Tobi pulled on Teni’s hand. "Mummy, why is the giant man crying? Is he hungry?"
The innocence of the question broke the tension for a fleeting second. Teni looked down at her son, then back at Alexander. She saw the longing there, but she also remembered the nights she spent crying in a room with a leaking roof, praying Tobi’s asthma wouldn't flare up because she couldn't afford the "Soft Life."
"We aren't hungry, Tobi," Teni said, her voice hardening. She looked Alexander dead in the eye. "We built our own table. We don't need your crumbs."
"Then let me give you the whole world," Alexander pleaded. "Come back to Lagos.

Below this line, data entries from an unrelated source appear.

(* For all $n\ge2$, viewing $\Delta^{n-1}$ as a facet of $\Delta^n$ (so $\Delta^n=v*\Delta^{n-1}$), the inclusion $\mathcal{M}(\Delta^{n-1})\hookrightarrow\mathcal{M}(\Delta^n)$ sending each pair to itself is null-homotopic, the long exact sequence in reduced homology of the pair $(\mathcal{M}(\Delta^n),\mathcal{M}(\Delta^{n-1}))$ splits into short exact sequences, and $$\tilde H_k(\mathcal{M}(\Delta^n),\mathcal{M}(\Delta^{n-1}))\cong\tilde H_k(\mathcal{M}(\Delta^n))\oplus\tilde H_{k-1}(\mathcal{M}(\Delta^{n-1}))$$ for all $k$.
   Context: All simplicial complexes are finite abstract simplicial complexes; simplices are nonempty. $\Delta^n$ is the simplicial complex of all nonempty subsets of an $(n+1)$-element vertex set. The Hasse diagram $\mathcal{H}(K)$ of $K$ is the directed graph whose vertices are the simplices of $K$, with an edge $\sigma\to\tau$ whenever $\sigma\subsetneq\tau$ and $\dim\tau=\dim\sigma+1$. A matching on $\mathcal{H}(K)$ is a set $W$ of edges of $\mathcal{H}(K)$, no two sharing a vertex; an edge in $W$ is called a pair. $W$ is acyclic if the directed graph obtained from $\mathcal{H}(K)$ by reversing every edge in $W$ has no directed cycle. The complex of discrete Morse matchings $\mathcal{M}(K)$ is the simplicial complex whose vertices are the edges of $\mathcal{H}(K)$ and whose simplices are the nonempty acyclic matchings on $\mathcal{H}(K)$. *)

From HB Require Import structures.
From mathcomp Require Import all_boot all_order all_algebra.
From mathcomp Require Import all_classical all_reals all_analysis.

Set Implicit Arguments.
Unset Strict Implicit.
Unset Printing Implicit Defensive.

Import Order.TTheory GRing.Theory Num.Theory.
Import numFieldNormedType.Exports.
Local Open Scope ring_scope.

(* Simplicial complexes on a finite vertex type V are given by their   *)
(* set of (nonempty) simplices K : {set {set V}}.                      *)

Definition Delta (n : nat) : {set {set 'I_n.+1}} :=
  [set s : {set 'I_n.+1} | s != finset.set0].

(* The facet of Delta^n opposite to the vertex v = ord_max; this is     *)
(* Delta^(n-1), so that Delta^n = v * Delta^(n-1).                      *)
Definition Facet (n : nat) : {set {set 'I_n.+1}} :=
  [set s : {set 'I_n.+1} | (s != finset.set0) && (ord_max \notin s)].

(* Edges of the Hasse diagram H(K): sigma -> tau, sigma < tau, dim+1. *)
Definition hedge (V : finType) (K : {set {set V}}) (e : {set V} * {set V}) : bool :=
  [&& e.1 \in K, e.2 \in K, e.1 \subset e.2 & #|e.2| == #|e.1|.+1].

Definition hedges (V : finType) (K : {set {set V}}) : {set {set V} * {set V}} :=
  [set e | hedge K e].

Definition is_matching (V : finType) (W : {set {set V} * {set V}}) : bool :=
  [forall e in W, forall f in W,
     (e != f) ==> [&& e.1 != f.1, e.1 != f.2, e.2 != f.1 & e.2 != f.2]].

Definition mrel (V : finType) (K : {set {set V}}) (W : {set {set V} * {set V}})
  : rel {set V} :=
  fun x y => (hedge K (x, y) && ((x, y) \notin W)) || ((y, x) \in W).

Definition acyclic (V : finType) (K : {set {set V}}) (W : {set {set V} * {set V}})
  : bool :=
  ~~ [exists x, exists y, mrel K W x y && connect (mrel K W) y x].

(* The complex of discrete Morse matchings M(K): vertices are edges of  *)
(* H(K), simplices are the nonempty acyclic matchings.                  *)
Definition MM (V : finType) (K : {set {set V}}) : {set {set ({set V} * {set V})}} :=
  [set W | [&& W != finset.set0, W \subset hedges K, is_matching W & acyclic K W]].

(* Reduced (augmented) simplicial chains with integer coefficients.    *)
(* A k-chain of L is a function on sets of vertices supported on the   *)
(* simplices of L with k+1 vertices (the empty simplex in degree -1).  *)
(* Orientation: vertices are ordered by enum_rank.                     *)

Definition cochainT (U : finType) := {ffun {set U} -> int}.

Definition chain (U : finType) (L : {set {set U}}) (k : int) (c : {ffun {set U} -> int})
  : Prop :=
  forall s, c s != 0 -> s \in finset.set0 |: L /\ (#|s|%:Z = k + 1).

(* Boundary: d[v_0..v_k] = sum_i (-1)^i [v_0..^v_i..v_k] (augmented). *)
Definition bd (U : finType) (c : {ffun {set U} -> int}) : {ffun {set U} -> int} :=
  [ffun t : {set U} => \sum_(u | u \notin t)
      (-1) ^+ #|[set x in t | (enum_rank x < enum_rank u)%N]| * c (u |: t)].

Definition cycles (U : finType) (L : {set {set U}}) (k : int) (c : {ffun {set U} -> int})
  : Prop := chain L k c /\ bd c = 0.

Definition bnd (U : finType) (L : {set {set U}}) (k : int) (c : {ffun {set U} -> int})
  : Prop := exists d, chain L (k + 1) d /\ c = bd d.

(* H_k(X,A) = relcyc / relbnd, as subquotient of the chains of X.        *)
Definition relcyc (U : finType) (X A : {set {set U}}) (k : int)
  (c : {ffun {set U} -> int}) : Prop :=
  chain X k c /\ chain A (k - 1) (bd c).

Definition relbnd (U : finType) (X A : {set {set U}}) (k : int)
  (c : {ffun {set U} -> int}) : Prop :=
  exists d e, [/\ chain X (k + 1) d, chain A k e & c = bd d + e].

(* Isomorphism of subquotient groups Z1/B1 ~= Z2/B2 (B_i <= Z_i        *)
(* subgroups of abelian groups G_i), given by an additive map on Z1     *)
(* inducing a well-defined bijection of the quotients.                  *)
Definition sq_iso (G1 G2 : zmodType) (Z1 B1 : G1 -> Prop) (Z2 B2 : G2 -> Prop)
  : Prop :=
  exists f : G1 -> G2,
    [/\ forall x y, Z1 x -> Z1 y -> f (x - y) = f x - f y,
        forall x, Z1 x -> Z2 (f x),
        forall x, B1 x -> B2 (f x),
        forall x, Z1 x -> B2 (f x) -> B1 x &
        forall y, Z2 y -> exists2 x, Z1 x & B2 (y - f x)].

Not as an assistant. As the woman who holds the key to everything I own. Give me a chance to be the father he deserves. Give me a chance to be the man you deserved three years ago."
Teni looked at the white jet, then at the dusty road leading back to her small shop in Dugbe. Her Computer Science degree had given her a life, but Alexander was offering her a destiny.
"I won't go back to be hidden," Teni warned. "If we get on that plane, the world needs to know who he is. No more secrets. No more 'Ice King' games."
Alexander reached out, and this time, Teni didn't pull away when his fingers grazed her cheek. His touch was electric, a spark that had been dormant for three years suddenly roaring back to life.
"The world will know," Alexander promised. "Before the sun sets on Lagos tomorrow, everyone will know that Tobi is a Sterling. And that you are the only Queen this empire will ever have."
Teni took a deep breath, the smell of the red earth mixing with the sandalwood. She took Tobi’s hand and moved toward the stairs of the jet. The "Soft Life" was no longer a myth on i********:. It was a reckoning.